--- START ---

Lemma sigma_base_gt0 m : c < 1 -> (1 < m)%N -> 0 < sigma_base m.
Proof.
move=> c_lt1 m_gt1.
have : m%:R^-1 < 1 :> R by rewrite invf_lt1 ?ltr0n ?ltr1n // ltnW.
rewrite sigma_baseE; move: (m%:R^-1) => t t_lt1.
have [a_lt1|a_ge1] := ltrP a 1.
  have : 0 <= a * (1 - c) by rewrite mulr_ge0 // subr_ge0 ltW.
  have : 0 < (1 - a) * (1 - t) by rewrite mulr_gt0 // subr_gt0.
  lra.
have -> : a = 1 by apply/le_anti/andP.
by rewrite subrr mul0r addr0 mul1r subr_gt0.
Qed.

Lemma sigma_base_mean m : (0 < m)%N ->
  sigma_base m.+1 = (m%:R * sigma_base m + m.+2%:R * sigma_base m.+2) / (m + m.+2)%:R.
Proof.
move=> m_gt0; rewrite /sigma_base -[m.+2]addn2 -[m.+1]addn1 !natrD.
have : 0 < m%:R :> R by rewrite ltr0n.
by move=> m_pos; field; rewrite !lt0r_neq0 //; lra.
Qed.

Lemma sigma_logconcave m : (1 < m)%N ->
  sigma c a m.-1 * sigma c a m.+1 <= sigma c a m ^+ 2.
Proof.
case: m => [|m] //= m_gt0.
have := exprn_AGM2 m m.+2 (sigma_base_ge0 m_gt0) (sigma_base_ge0 (isT : 0 < m.+2)%N).
by rewrite -sigma_base_mean // (_ : m + m.+2 = m.+1 * 2)%N ?exprM //; lia.
Qed.

Lemma sigma_le_plateau s : c < 1 -> (0 < s)%N -> sigma c a s = sigma c a s.+1 ->
  forall m, (0 < m)%N -> sigma c a m <= sigma c a s.
Proof.
move=> c_lt1; apply: logconcave_le_plateau => [m m_gt0|m m_gt1|].
- by rewrite exprn_ge0 ?sigma_base_ge0.
- by rewrite exprn_gt0 ?sigma_base_gt0.
- exact: sigma_logconcave.
Qed.

End SigmaSequence.

Lemma sigma_at_inv_nat (R : realType) (c a : R) (s : nat) :
  c = s%:R^-1 -> sigma c a s = (1 - c) ^+ s.
Proof. by move=> cE; rewrite /sigma; congr (_ ^+ _); rewrite cE; ring. Qed.

Lemma exists_sigma_plateau_inv_nat (R : realType) (c : R) (s : nat) :
  (1 < s)%N -> c = s%:R^-1 ->
  exists2 a : R, 0 <= a <= 1 & sigma c a s.+1 = (1 - c) ^+ s.
Proof.
move=> s_gt1 cE; set S : R := s%:R.
have S_ge2 : 2 <= S by rewrite /S (ler_nat R 2 s).
have S1E : s.+1%:R = S + 1 :> R by rewrite -natr1.
have cS : c * S = 1 by rewrite cE mulVf //; apply: lt0r_neq0; lra.
have S_gt0 : 0 < S by lra.
have S1_gt0 : 0 < S + 1 by lra.
have c_gt0 : 0 < c by rewrite cE invr_gt0.
have one_sub_c_ge0 : 0 <= 1 - c by nra.
pose t := (1 - c) `^ (S / (S + 1)).
have t_ge0 : 0 <= t := powR_ge0 _ _.
have t_root : t ^+ s.+1 = (1 - c) ^+ s.
  by rewrite -powR_mulrn // S1E -powRrM mulfVK ?powR_mulrn // lt0r_neq0.
have t_ge : 1 - c <= t.
  rewrite -(ler_pXn2r (n := s.+1)) ?nnegrE // t_root exprS.
  by rewrite ler_piMl ?exprn_ge0 //; lra.
have t_le : t * (S + 1) <= S.
  rewrite -ler_pdivlMr // -(ler_pXn2r (n := s.+1)) ?nnegrE ?divr_ge0 ?(ltW S_gt0) ?(ltW S1_gt0) //.
  have := exprn_AGM2 s 1 one_sub_c_ge0 ler01.
  rewrite t_root expr1n mulr1 addn1 S1E -/S mulrBr (mulrC S c) cS mulr1 mul1r subrK; apply.
(* [sigma_base c a s.+1 = S / (S + 1) - a / (S * (S + 1))] is affine in [a]. *)
exists (S ^+ 2 - S * (S + 1) * t).
  have : 0 <= S * (S + 1) * (t - (1 - c)).
    by rewrite !mulr_ge0 ?subr_ge0 ?(ltW S_gt0) ?(ltW S1_gt0).
  have : S * (S + 1) * (1 - c) = S ^+ 2 - 1.
    by transitivity (S * S + S - (c * S) * (S + 1)); [ring | rewrite cS; ring].
  by move=> SSc SSt; apply/andP; split; nra.
rewrite /sigma -t_root S1E; congr (_ ^+ _); rewrite cE -/S; field.
by rewrite !lt0r_neq0.
Qed.

Lemma is_rho_plateau (R : realType) (c r : R) : 0 < c -> c < 1 -> is_rho c r ->
  exists s a, [/\ (0 < s)%N, 0 <= a <= 1, sigma c a s = sigma c a s.+1
                & r = 1 - sigma c a s].
Proof.
move=> c_gt0 c_lt1 [s [s_gt0 [[cE ->] | [_ [_ [a [a_gt0 [a_lt1 [plateau ->]]]]]]]]].
  have s_gt1 : (1 < s)%N.
    by case: s s_gt0 cE => [|[|s]] // _ c1; move: c_lt1; rewrite c1 invr1 ltxx.
  have [a a01 sigmaS] := exists_sigma_plateau_inv_nat s_gt1 cE.
  by exists s, a; rewrite sigmaS sigma_at_inv_nat.
by exists s, a; rewrite !ltW.
Qed.

Lemma is_rho_le1 (R : realType) (c r : R) : 0 < c -> c <= 1 -> is_rho c r -> r <= 1.
Proof.
move=> c_gt0 c_le1 [s [s_gt0 [[_ ->] | [_ [_ [a [a_gt0 [a_lt1 [_ ->]]]]]]]]].
  by rewrite gerDl oppr_le0 exprn_ge0 // subr_ge0.
by rewrite gerDl oppr_le0 exprn_ge0 // sigma_base_ge0 // ltW.
Qed.

Lemma exists_alpha_sigma_le_rho (R : realType) (c : R) : 0 < c -> c <= 1 ->
  exists2 a : R, 0 <= a <= 1 & forall m, (0 < m)%N -> sigma c a m <= 1 - rho c.
Proof.
move=> c_gt0 c_le1; rewrite /rho; case: xgetP => [r _ rho_r | _].
  have [c_lt1|c_ge1] := ltrP c 1.
    have [s [a [s_gt0 /andP[a_ge0 a_le1] plateau ->]]] := is_rho_plateau c_gt0 c_lt1 rho_r.
    exists a => [|m m_gt0]; first exact/andP.
    by rewrite opprB addrC subrK; apply: sigma_le_plateau.
  have c1 : c = 1 by apply/le_anti/andP.
  exists 1 => [|m m_gt0]; first by rewrite lexx ler01.
  rewrite sigmaE sigma_baseE c1 !subrr mulr0 mul0r addr0 expr0n gtn_eqF //.
  by rewrite subr_ge0 (is_rho_le1 c_gt0 c_le1 rho_r).
(* [xget] falls back to [rho c = 0] when [is_rho c] has no witness. *)
exists 1 => [|m m_gt0]; first by rewrite lexx ler01.
by rewrite subr0 exprn_ile1 ?sigma_base_ge0 ?sigma_base_le1 ?lexx.
Qed.

Lemma mix_in01 (R : realFieldType) (a c y : R) :
  0 <= a <= 1 -> 0 <= c <= 1 -> 0 <= y <= 1 -> 0 <= a * c + (1 - a) * y <= 1.
Proof.
move=> /andP[a_ge0 a_le1] /andP[c_ge0 c_le1] /andP[y_ge0 y_le1].
have : a * c <= a by rewrite ler_piMr.
have : (1 - a) * y <= 1 - a by rewrite ler_piMr // subr_ge0.
have : 0 <= a * c by rewrite mulr_ge0.
have : 0 <= (1 - a) * y by rewrite mulr_ge0 // subr_ge0.
by move=> *; apply/andP; split; lra.
Qed.

Lemma mean_one_sub_mix_le (R : realType) (I : finType) (P : pred I)
    (y : I -> R) (a c x : R) :
  (0 < #|P|)%N -> a <= 1 -> x <= \sum_(i in P) y i ->
  (\sum_(i in P) (1 - (a * c + (1 - a) * y i))) / #|P|%:R
    <= x * sigma_base c a #|P| + (1 - x) * (1 - a * c).
Proof.
move=> P_gt0 a_le1 x_le; rewrite -subr_ge0 /sigma_base.
have d_gt0 : 0 < #|P|%:R :> R by rewrite ltr0n.
have -> : \sum_(i in P) (1 - (a * c + (1 - a) * y i))
    = #|P|%:R * (1 - a * c) - (1 - a) * \sum_(i in P) y i.
  by rewrite sumrB big_split /= !sumr_const -mulr_sumr -mulr_natl; ring.
set Y := \sum_(i in P) y i.
have -> : x * (1 - a * c - (1 - a) / #|P|%:R) + (1 - x) * (1 - a * c)
    - (#|P|%:R * (1 - a * c) - (1 - a) * Y) / #|P|%:R = (1 - a) * (Y - x) / #|P|%:R.
  by field; rewrite lt0r_neq0.
by rewrite divr_ge0 ?mulr_ge0 ?subr_ge0 // ltW.
Qed.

--- END ---

### Problem
Return exactly, and only, the lines above starting at the line that contains "sigma c a m.-1" and ending at the line that contains "have t_le : t * (S + 1) <= S.".

### Exercise result
  sigma c a m.-1 * sigma c a m.+1 <= sigma c a m ^+ 2.
Proof.
case: m => [|m] //= m_gt0.
have := exprn_AGM2 m m.+2 (sigma_base_ge0 m_gt0) (sigma_base_ge0 (isT : 0 < m.+2)%N).
by rewrite -sigma_base_mean // (_ : m + m.+2 = m.+1 * 2)%N ?exprM //; lia.
Qed.

Lemma sigma_le_plateau s : c < 1 -> (0 < s)%N -> sigma c a s = sigma c a s.+1 ->
  forall m, (0 < m)%N -> sigma c a m <= sigma c a s.
Proof.
move=> c_lt1; apply: logconcave_le_plateau => [m m_gt0|m m_gt1|].
- by rewrite exprn_ge0 ?sigma_base_ge0.
- by rewrite exprn_gt0 ?sigma_base_gt0.
- exact: sigma_logconcave.
Qed.

End SigmaSequence.

Lemma sigma_at_inv_nat (R : realType) (c a : R) (s : nat) :
  c = s%:R^-1 -> sigma c a s = (1 - c) ^+ s.
Proof. by move=> cE; rewrite /sigma; congr (_ ^+ _); rewrite cE; ring. Qed.

Lemma exists_sigma_plateau_inv_nat (R : realType) (c : R) (s : nat) :
  (1 < s)%N -> c = s%:R^-1 ->
  exists2 a : R, 0 <= a <= 1 & sigma c a s.+1 = (1 - c) ^+ s.
Proof.
move=> s_gt1 cE; set S : R := s%:R.
have S_ge2 : 2 <= S by rewrite /S (ler_nat R 2 s).
have S1E : s.+1%:R = S + 1 :> R by rewrite -natr1.
have cS : c * S = 1 by rewrite cE mulVf //; apply: lt0r_neq0; lra.
have S_gt0 : 0 < S by lra.
have S1_gt0 : 0 < S + 1 by lra.
have c_gt0 : 0 < c by rewrite cE invr_gt0.
have one_sub_c_ge0 : 0 <= 1 - c by nra.
pose t := (1 - c) `^ (S / (S + 1)).
have t_ge0 : 0 <= t := powR_ge0 _ _.
have t_root : t ^+ s.+1 = (1 - c) ^+ s.
  by rewrite -powR_mulrn // S1E -powRrM mulfVK ?powR_mulrn // lt0r_neq0.
have t_ge : 1 - c <= t.
  rewrite -(ler_pXn2r (n := s.+1)) ?nnegrE // t_root exprS.
  by rewrite ler_piMl ?exprn_ge0 //; lra.
have t_le : t * (S + 1) <= S.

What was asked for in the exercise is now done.